$\int_0^1 \frac{x^{p}}{x^{p+1}+(1-x)^{p+1}} dx=?$

Question

$$\int_0^1 \frac{x^{p}}{x^{p+1}+(1-x)^{p+1}} dx=?$$ I tried to use $$\int_0^1 \frac{x^{p+1}}{x^{p+1}+(1-x)^{p+1}} dx=\frac{1}{2}$$ and integration by parts. I do not know if there is any restriction on p.in original question p=2014,Question from Jalil Hajimir.

Answer 1

Assume $p$ is a positive integer.
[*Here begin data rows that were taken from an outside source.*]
Lemma add_inj_of_rank (M A B : V -> Prop) rA rB rM :
  (forall m, M m -> msum A B m) ->
  rank_is A rA -> rank_is B rB -> rank_is M rM -> (rA + rB <= rM)%N -> add_inj A B.
Proof.
move=> M_AB [sA [_ [A_sA <-]]] [sB [_ [B_sB <-]]] [sM [sM_M [_ <-]]] dim_le.
have cap0 : (<<sA>> :&: <<sB>> = 0)%VS.
  apply/eqP; rewrite -dimv_eq0; have := dimv_sum_cap <<sA>> <<sB>>.
  suff : (\dim <<sM>> <= \dim (<<sA>> + <<sB>>))%N by lia.
  apply/dimvS/span_subvP => _ /sM_M /M_AB [a [b [Aa [Bb ->]]]].
  by apply: memv_add; [apply: A_sA|apply: B_sB].
move=> a b a' b' Aa Bb Aa' Bb' eq_ab.
have : a - a' == 0.
  rewrite -memv0 -cap0; apply/memv_capP; split; first by apply: memvB; apply: A_sA.
  have -> : a - a' = b' - b by apply/eqP; rewrite subr_eq addrAC eq_sym subr_eq eq_ab addrC.
  by apply: memvB; apply: B_sB.
by rewrite subr_eq0 => /eqP eq_a; split=> //; move: eq_ab; rewrite eq_a => /addrI.
Qed.

Lemma fine_submonoid (M : V -> Prop) : fine M -> submonoid M.
Proof.
move=> [s Ms]; split; first by apply/Ms; exists (fun=> 0%N); rewrite big1 // => i; rewrite mulr0n.
move=> _ _ /Ms [c ->] /Ms [d ->]; apply/Ms; exists (fun i => c i + d i)%N.
by rewrite -big_split; apply: eq_bigr => i _; rewrite mulrnDr.
Qed.

Lemma sharp_addr_eq0 (M : V -> Prop) a b :
  sharp M -> M a -> M b -> a + b = 0 -> a = 0.
Proof.
move=> shM Ma Mb /eqP; rewrite addr_eq0 => /eqP eq_a.
by apply: shM; split=> //; rewrite eq_a opprK.
Qed.

Lemma plus_part_neq0 (N : V -> Prop) a : submonoid N -> plus_part N a -> a <> 0.
Proof. by move=> [N0 _] [_ not_unit] a0; apply: not_unit; split; rewrite a0 ?oppr0. Qed.

Lemma plus_part_of_sharp (M N : V -> Prop) a :
  sharp M -> subset_of N M -> N a -> a <> 0 -> plus_part N a.
Proof. by move=> shM NM Na a_neq0; split=> // -[_ Nna]; apply/a_neq0/shM; split; apply: NM. Qed.

Lemma gen_ideal_ideal (M N : V -> Prop) :
  submonoid M -> subset_of N M -> ideal M (gen_ideal M N).
Proof.
move=> [_ MD] NM; split; first by move=> _ [a [b [[Na _] [Mb ->]]]]; apply/MD/Mb/NM.
move=> _ b [x [y [Nx [My ->]]]] Mb; exists x, (y + b).
by rewrite addrA; split=> //; split=> //; apply: MD.
Qed.

Lemma prime_compl_face (M I : V -> Prop) : prime_ideal M I -> face M (compl M I).
Proof.
move=> [[_ ID] smK]; split; first by move=> v [].
split=> // a b Ma Mb [_ nI_ab]; split; split=> // Ia; apply: nI_ab.
  exact: ID.
by rewrite addrC; apply: ID.
Qed.

Definition properly_divides (M : V -> Prop) (a b : V) : Prop :=
  exists x, M x /\ x <> 0 /\ b = a + x.

Lemma properly_divides_trans (M : V -> Prop) a b c : submonoid M -> sharp M ->
  properly_divides M a b -> properly_divides M b c -> properly_divides M a c.
Proof.
move=> [_ MD] shM [x [Mx [x_neq0 ->]]] [y [My [y_neq0 ->]]].
exists (x + y); rewrite addrA; split; first exact: MD.
by split=> // /(sharp_addr_eq0 shM Mx My).
Qed.

Lemma properly_divides_irrefl (M : V -> Prop) a : ~ properly_divides M a a.
Proof. by move=> [x [_ [x_neq0 eq_a]]]; apply/x_neq0/(@addrI _ a); rewrite addr0 -eq_a. Qed.

Lemma gen_ideal_proper_divisor (M N S : V -> Prop) (s : seq V) g :
  (forall v, M v <-> nat_span s v) -> sharp M -> face M N -> submonoid S ->
  (forall a b, N a -> S b -> S (a + b)) -> gen_ideal M N g -> ~ S g ->
  exists2 j : 'I_(size s), ~ S s`_j & properly_divides M s`_j g.
Proof.
move=> Ms shM [NM [smN _]] smS NS [a [b [[Na nu_a] [Mb ->]]]] nS_ab.
have [_ MD] := fine_submonoid (ex_intro _ s Ms).
have [Sb|[j [nS_j /Ms M_b_j]]] := nat_span_cases smS (proj1 (Ms b) Mb).
  by case: nS_ab; apply: NS.
exists j => //; exists (a + (b - s`_j)); split; first exact/MD/M_b_j/NM.
split; last by rewrite addrCA [s`_j + _]addrC subrK.
by move=> /(sharp_addr_eq0 shM (NM a Na) M_b_j); apply: plus_part_neq0 smN _.
Qed.

(* Descent along proper divisibility in [M], a strict order because [M] is sharp. *)
Lemma compl_gen_ideal_decomposition (M N : V -> Prop) :
  fine M -> sharp M -> face M N -> prime_ideal M (gen_ideal M N) ->
  forall m, M m -> msum N (compl M (gen_ideal M N)) m.
Proof.
move=> fM shM fN prI; have [NM [smN _]] := fN.
set K := compl M (gen_ideal M N); set S := msum N K.
have smM := fine_submonoid fM; have [s Ms] := fM.
have smS : submonoid S := submonoid_msum smN prI.2.
have NS a b : N a -> S b -> S (a + b).
  move=> Na [a' [k [Na' [Kk ->]]]]; exists (a + a'), k.
  by rewrite addrA; split=> //; apply: smN.2.
suff sS g : g \in s -> S g by move=> m /Ms; apply: submonoid_nat_span.
move=> gs; apply: NNPP => nSg.
apply: (finite_descent (fun _ _ _ => properly_divides_trans smM shM)
  (@properly_divides_irrefl M) (s := s) (P := fun g => g \in s /\ ~ S g)) (conj gs nSg).
  by move=> x [].
move=> x [xs nSx].
have Ix : gen_ideal M N x.
  apply: NNPP => nIx; apply: nSx; exists 0, x.
  by rewrite add0r; split; [case: smN|split=> //; split=> //; apply/Ms/nat_span_mem].
have [j nS_j div_jx] := gen_ideal_proper_divisor Ms shM fN smS NS Ix nSx.
by exists s`_j => //; split=> //; apply: mem_nth.
Qed.

Lemma compl_gen_ideal_split (M N K : V -> Prop) :
  sharp M -> subset_of N M -> submonoid N -> subset_of K M ->
  (forall m, M m -> msum N K m) -> add_inj N K ->
  forall v, compl M (gen_ideal M N) v <-> K v.
Proof.
move=> shM NM smN KM MNK injNK v; split.
  move=> [Mv nIv]; have [a [b [Na [Kb eq_v]]]] := MNK v Mv.
  have [a0|/eqP a_neq0] := eqVneq a 0; first by rewrite eq_v a0 add0r.
  by case: nIv; exists a, b; split; [apply: (plus_part_of_sharp shM)|split=> //; apply: KM].
move=> Kv; split; first exact: KM.
move=> [a [b [[Na nu_a] [Mb eq_v]]]]; have [a' [k [Na' [Kk eq_b]]]] := MNK b Mb.
have [eq_aa' _] : a + a' = 0 /\ k = v.
  apply: injNK => //; [exact: smN.2|exact: smN.1|by rewrite add0r eq_v eq_b addrA].
exact: plus_part_neq0 smN (conj Na nu_a) (sharp_addr_eq0 shM (NM _ Na) (NM _ Na') eq_aa').
Qed.

Lemma prime_rank_sum_of_splits_off (M N : V -> Prop) :
  submonoid M -> sharp M -> face M N -> splits_off M N ->
  prime_ideal M (gen_ideal M N) /\
  forall rK rN rM, rank_is (compl M (gen_ideal M N)) rK -> rank_is N rN ->
    rank_is M rM -> (rK + rN <= rM)%N.
Proof.
move=> smM shM [NM [smN _]] [K [[KM [[K0 KD] _]] [MNK injNK]]].
have eqK := compl_gen_ideal_split shM NM smN KM MNK injNK.
have smC : submonoid (compl M (gen_ideal M N)).
  by split=> [|a b /eqK Ka /eqK Kb]; apply/eqK; [|apply: KD].
split; first by split=> //; apply: gen_ideal_ideal.
move=> rK rN rM rkK rkN rkM; rewrite addnC; apply: (rank_add_le smN smC NM _ _ rkN rkK rkM).
  by move=> v [].
by move=> a b a' b' Na /eqK Kb Na' /eqK Kb'; apply: injNK.
Qed.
Of course, you don't need it this strong.

First, observe that \begin{align} I(p) =& \int^1_0 \frac{x^p}{x^{p+1}+(1-x)^{p+1}}\ dx = \int^1_0 \frac{x^{p+1}}{x^{p+1}+(1-x)^{p+1}}\ \frac{dx}{x}\\ =& \int^1_0 \frac{x^{p+1}}{x^{p+1}+(1-x)^{p+1}}\ \frac{(1-x)}{x} dx+ \int^1_0 \frac{x^{p+1}}{x^{p+1}+(1-x)^{p+1}}\ dx\ \ \ \ \ (1)\\ =&\ \int^1_0 \frac{(1-x)^{p+1}}{x^{p+1}+(1-x)^{p+1}}\ \frac{x}{1-x} dx+ \int^1_0 \frac{(1-x)^{p+1}}{x^{p+1}+(1-x)^{p+1}}\ dx\ \ \ \ \ (2) \end{align}

which means \begin{align} 2I(p) = \int^1_0 f(x)+f(1-x)\ dx +1 = 2\int^1_0 f(x)\ dx +1 \end{align} where \begin{align} f(x) = \frac{x^{p+1}}{x^{p+1}+(1-x)^{p+1}}\ \frac{(1-x)}{x} = \frac{(\frac{1-x}{x})}{1+(\frac{1-x}{x})^{p+1}}. \end{align}

Hence \begin{align} I(p) = \int^\infty_0 \frac{u}{(1+u^{p+1})(1+u)^2} du+\frac{1}{2}. \end{align}

You can finish the rest using contour integration.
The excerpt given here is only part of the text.